[Collected data]
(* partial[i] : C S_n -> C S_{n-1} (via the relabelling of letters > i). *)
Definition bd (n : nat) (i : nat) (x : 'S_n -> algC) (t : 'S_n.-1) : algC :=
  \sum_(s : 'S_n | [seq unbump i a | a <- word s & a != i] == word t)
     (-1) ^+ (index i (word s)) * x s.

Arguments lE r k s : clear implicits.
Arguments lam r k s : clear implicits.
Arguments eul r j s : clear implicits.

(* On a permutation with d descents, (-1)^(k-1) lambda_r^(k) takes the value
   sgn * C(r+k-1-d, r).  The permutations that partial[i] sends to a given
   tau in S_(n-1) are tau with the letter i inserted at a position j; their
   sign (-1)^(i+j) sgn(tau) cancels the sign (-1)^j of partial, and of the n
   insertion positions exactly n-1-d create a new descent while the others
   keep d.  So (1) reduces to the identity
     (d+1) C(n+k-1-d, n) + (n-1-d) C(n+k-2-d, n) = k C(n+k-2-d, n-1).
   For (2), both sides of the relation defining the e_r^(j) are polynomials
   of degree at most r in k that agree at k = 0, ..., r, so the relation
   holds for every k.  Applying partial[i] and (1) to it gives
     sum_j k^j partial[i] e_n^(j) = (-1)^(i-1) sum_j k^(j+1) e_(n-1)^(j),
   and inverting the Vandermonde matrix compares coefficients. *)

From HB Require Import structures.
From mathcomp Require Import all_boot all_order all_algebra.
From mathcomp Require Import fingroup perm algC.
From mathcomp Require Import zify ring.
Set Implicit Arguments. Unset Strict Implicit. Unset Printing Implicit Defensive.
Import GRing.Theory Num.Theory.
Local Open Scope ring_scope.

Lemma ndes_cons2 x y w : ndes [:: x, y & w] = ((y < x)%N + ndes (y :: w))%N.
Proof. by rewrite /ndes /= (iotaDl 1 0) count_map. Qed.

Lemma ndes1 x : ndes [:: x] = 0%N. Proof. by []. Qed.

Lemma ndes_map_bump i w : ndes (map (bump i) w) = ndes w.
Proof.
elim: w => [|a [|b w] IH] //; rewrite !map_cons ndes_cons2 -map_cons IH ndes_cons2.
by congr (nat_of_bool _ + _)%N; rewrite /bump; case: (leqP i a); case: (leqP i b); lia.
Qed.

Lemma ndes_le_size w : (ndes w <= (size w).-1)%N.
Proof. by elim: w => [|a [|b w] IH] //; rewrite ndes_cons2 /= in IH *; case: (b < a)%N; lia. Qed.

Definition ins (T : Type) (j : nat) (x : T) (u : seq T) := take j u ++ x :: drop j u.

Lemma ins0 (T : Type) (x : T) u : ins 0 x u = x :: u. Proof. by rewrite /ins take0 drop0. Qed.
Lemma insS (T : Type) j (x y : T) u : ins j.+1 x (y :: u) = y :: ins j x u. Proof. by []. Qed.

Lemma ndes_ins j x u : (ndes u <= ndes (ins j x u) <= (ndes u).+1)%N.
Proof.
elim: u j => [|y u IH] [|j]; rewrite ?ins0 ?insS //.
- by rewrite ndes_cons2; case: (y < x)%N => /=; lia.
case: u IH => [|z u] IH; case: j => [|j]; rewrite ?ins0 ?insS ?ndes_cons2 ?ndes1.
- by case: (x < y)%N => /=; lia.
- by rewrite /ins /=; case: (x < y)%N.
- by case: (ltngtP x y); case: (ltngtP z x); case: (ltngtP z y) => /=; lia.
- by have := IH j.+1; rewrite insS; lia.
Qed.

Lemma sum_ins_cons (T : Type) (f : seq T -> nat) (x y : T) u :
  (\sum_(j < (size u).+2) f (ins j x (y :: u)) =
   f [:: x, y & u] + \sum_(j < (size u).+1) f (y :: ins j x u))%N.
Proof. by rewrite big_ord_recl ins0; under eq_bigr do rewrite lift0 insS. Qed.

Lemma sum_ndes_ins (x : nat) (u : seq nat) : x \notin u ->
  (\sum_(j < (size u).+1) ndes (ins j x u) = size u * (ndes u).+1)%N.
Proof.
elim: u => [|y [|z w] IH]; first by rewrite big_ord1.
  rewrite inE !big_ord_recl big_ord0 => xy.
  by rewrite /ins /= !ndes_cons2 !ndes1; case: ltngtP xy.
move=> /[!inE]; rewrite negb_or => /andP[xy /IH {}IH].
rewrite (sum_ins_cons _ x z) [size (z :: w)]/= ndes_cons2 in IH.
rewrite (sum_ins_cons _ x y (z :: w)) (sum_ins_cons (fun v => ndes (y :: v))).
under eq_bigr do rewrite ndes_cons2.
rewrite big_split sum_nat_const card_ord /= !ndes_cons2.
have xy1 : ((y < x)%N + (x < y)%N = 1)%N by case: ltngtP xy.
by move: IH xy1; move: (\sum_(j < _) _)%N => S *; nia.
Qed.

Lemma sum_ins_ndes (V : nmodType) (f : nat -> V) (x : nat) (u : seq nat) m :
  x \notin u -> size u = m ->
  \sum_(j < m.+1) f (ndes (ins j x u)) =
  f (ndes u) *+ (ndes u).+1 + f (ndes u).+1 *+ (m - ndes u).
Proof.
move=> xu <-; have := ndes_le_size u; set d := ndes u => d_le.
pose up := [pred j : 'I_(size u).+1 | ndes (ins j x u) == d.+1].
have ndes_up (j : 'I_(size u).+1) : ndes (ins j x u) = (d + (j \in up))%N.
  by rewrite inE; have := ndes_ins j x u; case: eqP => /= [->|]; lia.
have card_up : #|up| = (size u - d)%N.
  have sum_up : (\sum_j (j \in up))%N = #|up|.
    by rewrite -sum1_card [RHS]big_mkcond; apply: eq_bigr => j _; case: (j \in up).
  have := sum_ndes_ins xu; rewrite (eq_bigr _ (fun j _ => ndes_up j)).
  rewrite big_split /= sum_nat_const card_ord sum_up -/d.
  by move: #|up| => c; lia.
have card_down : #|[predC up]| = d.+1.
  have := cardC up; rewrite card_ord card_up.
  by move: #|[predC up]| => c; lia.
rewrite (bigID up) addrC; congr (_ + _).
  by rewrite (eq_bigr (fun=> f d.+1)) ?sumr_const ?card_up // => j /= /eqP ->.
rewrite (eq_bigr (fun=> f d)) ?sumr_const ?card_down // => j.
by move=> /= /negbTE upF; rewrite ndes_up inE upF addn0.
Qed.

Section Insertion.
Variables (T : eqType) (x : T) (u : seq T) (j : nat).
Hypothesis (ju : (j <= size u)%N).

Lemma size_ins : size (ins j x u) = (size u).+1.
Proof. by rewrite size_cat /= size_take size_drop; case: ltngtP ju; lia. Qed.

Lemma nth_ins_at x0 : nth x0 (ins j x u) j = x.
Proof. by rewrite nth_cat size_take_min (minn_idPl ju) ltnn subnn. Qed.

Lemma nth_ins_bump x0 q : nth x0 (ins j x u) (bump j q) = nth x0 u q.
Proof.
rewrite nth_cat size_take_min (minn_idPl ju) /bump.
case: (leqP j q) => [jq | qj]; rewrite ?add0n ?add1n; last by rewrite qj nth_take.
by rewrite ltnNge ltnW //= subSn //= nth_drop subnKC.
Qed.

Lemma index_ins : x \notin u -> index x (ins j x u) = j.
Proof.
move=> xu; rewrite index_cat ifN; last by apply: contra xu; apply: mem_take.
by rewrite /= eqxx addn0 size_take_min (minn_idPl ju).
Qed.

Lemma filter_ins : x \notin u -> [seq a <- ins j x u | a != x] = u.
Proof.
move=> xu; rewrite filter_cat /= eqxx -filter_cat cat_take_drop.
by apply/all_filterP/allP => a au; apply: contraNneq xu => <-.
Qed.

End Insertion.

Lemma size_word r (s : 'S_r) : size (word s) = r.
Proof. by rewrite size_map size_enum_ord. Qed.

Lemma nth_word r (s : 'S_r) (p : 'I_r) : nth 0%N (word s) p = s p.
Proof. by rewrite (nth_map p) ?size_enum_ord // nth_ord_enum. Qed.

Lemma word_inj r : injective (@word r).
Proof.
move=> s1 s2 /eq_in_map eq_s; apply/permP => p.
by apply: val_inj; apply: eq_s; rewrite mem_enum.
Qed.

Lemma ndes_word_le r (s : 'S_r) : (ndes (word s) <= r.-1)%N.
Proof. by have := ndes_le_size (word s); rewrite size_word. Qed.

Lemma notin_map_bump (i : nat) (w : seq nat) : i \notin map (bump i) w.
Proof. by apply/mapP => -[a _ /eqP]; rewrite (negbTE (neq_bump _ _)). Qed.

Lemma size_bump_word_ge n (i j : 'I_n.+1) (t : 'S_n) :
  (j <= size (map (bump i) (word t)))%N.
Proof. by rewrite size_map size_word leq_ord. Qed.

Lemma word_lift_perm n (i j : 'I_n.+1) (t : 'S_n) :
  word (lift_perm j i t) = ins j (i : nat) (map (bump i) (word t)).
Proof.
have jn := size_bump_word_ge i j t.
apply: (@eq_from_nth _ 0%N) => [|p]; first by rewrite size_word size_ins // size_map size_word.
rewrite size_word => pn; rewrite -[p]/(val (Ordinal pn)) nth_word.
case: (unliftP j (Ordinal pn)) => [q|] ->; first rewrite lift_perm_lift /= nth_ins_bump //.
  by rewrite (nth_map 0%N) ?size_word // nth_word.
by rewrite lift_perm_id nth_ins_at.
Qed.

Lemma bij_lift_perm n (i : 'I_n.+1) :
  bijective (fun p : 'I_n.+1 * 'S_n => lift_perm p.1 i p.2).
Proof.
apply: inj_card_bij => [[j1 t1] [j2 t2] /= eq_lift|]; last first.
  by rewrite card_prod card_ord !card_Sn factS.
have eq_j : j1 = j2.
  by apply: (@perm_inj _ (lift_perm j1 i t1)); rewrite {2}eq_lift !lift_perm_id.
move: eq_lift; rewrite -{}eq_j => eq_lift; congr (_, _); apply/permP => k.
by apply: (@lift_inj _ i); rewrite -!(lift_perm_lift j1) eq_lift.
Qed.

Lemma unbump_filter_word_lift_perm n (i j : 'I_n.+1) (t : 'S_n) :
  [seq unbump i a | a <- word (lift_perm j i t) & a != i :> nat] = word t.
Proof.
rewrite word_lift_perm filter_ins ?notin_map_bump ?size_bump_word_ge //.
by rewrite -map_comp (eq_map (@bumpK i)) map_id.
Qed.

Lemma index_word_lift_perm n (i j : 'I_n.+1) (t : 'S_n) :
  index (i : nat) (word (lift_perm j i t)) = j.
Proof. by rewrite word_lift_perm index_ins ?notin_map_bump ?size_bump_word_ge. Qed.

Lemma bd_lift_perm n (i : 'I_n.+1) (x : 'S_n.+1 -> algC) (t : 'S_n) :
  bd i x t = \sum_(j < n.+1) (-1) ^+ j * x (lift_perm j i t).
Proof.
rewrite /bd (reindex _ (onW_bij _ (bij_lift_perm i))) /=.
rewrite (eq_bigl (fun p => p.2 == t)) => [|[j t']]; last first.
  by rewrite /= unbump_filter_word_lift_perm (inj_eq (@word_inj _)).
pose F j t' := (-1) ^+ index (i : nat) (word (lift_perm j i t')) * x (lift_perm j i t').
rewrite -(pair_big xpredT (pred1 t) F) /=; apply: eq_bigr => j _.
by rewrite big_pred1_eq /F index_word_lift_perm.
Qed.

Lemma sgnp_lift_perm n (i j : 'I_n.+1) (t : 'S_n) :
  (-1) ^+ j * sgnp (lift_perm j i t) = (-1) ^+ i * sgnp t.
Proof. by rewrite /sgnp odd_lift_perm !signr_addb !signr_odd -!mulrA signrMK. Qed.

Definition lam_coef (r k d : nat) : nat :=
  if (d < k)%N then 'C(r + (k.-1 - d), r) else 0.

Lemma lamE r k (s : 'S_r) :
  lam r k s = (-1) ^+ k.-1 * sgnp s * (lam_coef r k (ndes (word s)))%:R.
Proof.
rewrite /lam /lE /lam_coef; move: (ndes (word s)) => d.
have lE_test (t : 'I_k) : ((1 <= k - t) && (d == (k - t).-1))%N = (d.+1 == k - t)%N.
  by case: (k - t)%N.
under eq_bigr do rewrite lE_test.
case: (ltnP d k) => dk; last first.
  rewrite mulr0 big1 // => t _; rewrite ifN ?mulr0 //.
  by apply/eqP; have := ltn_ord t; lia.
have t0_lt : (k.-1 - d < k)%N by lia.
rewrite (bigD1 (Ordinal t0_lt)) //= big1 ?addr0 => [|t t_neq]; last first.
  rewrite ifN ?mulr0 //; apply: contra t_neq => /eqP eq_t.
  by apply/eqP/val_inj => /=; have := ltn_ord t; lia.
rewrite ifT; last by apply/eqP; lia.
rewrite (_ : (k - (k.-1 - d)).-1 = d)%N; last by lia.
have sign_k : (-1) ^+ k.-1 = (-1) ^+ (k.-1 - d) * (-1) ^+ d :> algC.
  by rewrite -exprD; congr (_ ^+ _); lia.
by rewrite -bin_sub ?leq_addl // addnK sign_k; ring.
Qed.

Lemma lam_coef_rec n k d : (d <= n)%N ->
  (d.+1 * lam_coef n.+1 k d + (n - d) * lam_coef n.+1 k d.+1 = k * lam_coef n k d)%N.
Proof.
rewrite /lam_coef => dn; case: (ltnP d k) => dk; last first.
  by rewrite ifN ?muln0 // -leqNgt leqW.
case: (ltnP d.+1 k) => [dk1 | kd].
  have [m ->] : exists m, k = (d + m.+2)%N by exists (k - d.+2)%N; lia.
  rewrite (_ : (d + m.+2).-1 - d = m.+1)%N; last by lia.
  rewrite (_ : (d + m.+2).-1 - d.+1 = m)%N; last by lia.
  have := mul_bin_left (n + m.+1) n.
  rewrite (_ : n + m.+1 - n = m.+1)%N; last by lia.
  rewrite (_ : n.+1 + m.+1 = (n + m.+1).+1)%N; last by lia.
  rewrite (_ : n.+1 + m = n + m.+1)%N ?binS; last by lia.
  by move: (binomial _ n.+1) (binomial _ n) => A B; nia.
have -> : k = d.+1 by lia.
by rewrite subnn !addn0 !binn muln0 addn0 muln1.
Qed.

» **ASSIGNMENT**: For the word "mathcomp", return every line of the records that holds it.

» **EXERCISE SOLUTION**:
From mathcomp Require Import all_boot all_order all_algebra.
From mathcomp Require Import fingroup perm algC.
From mathcomp Require Import zify ring.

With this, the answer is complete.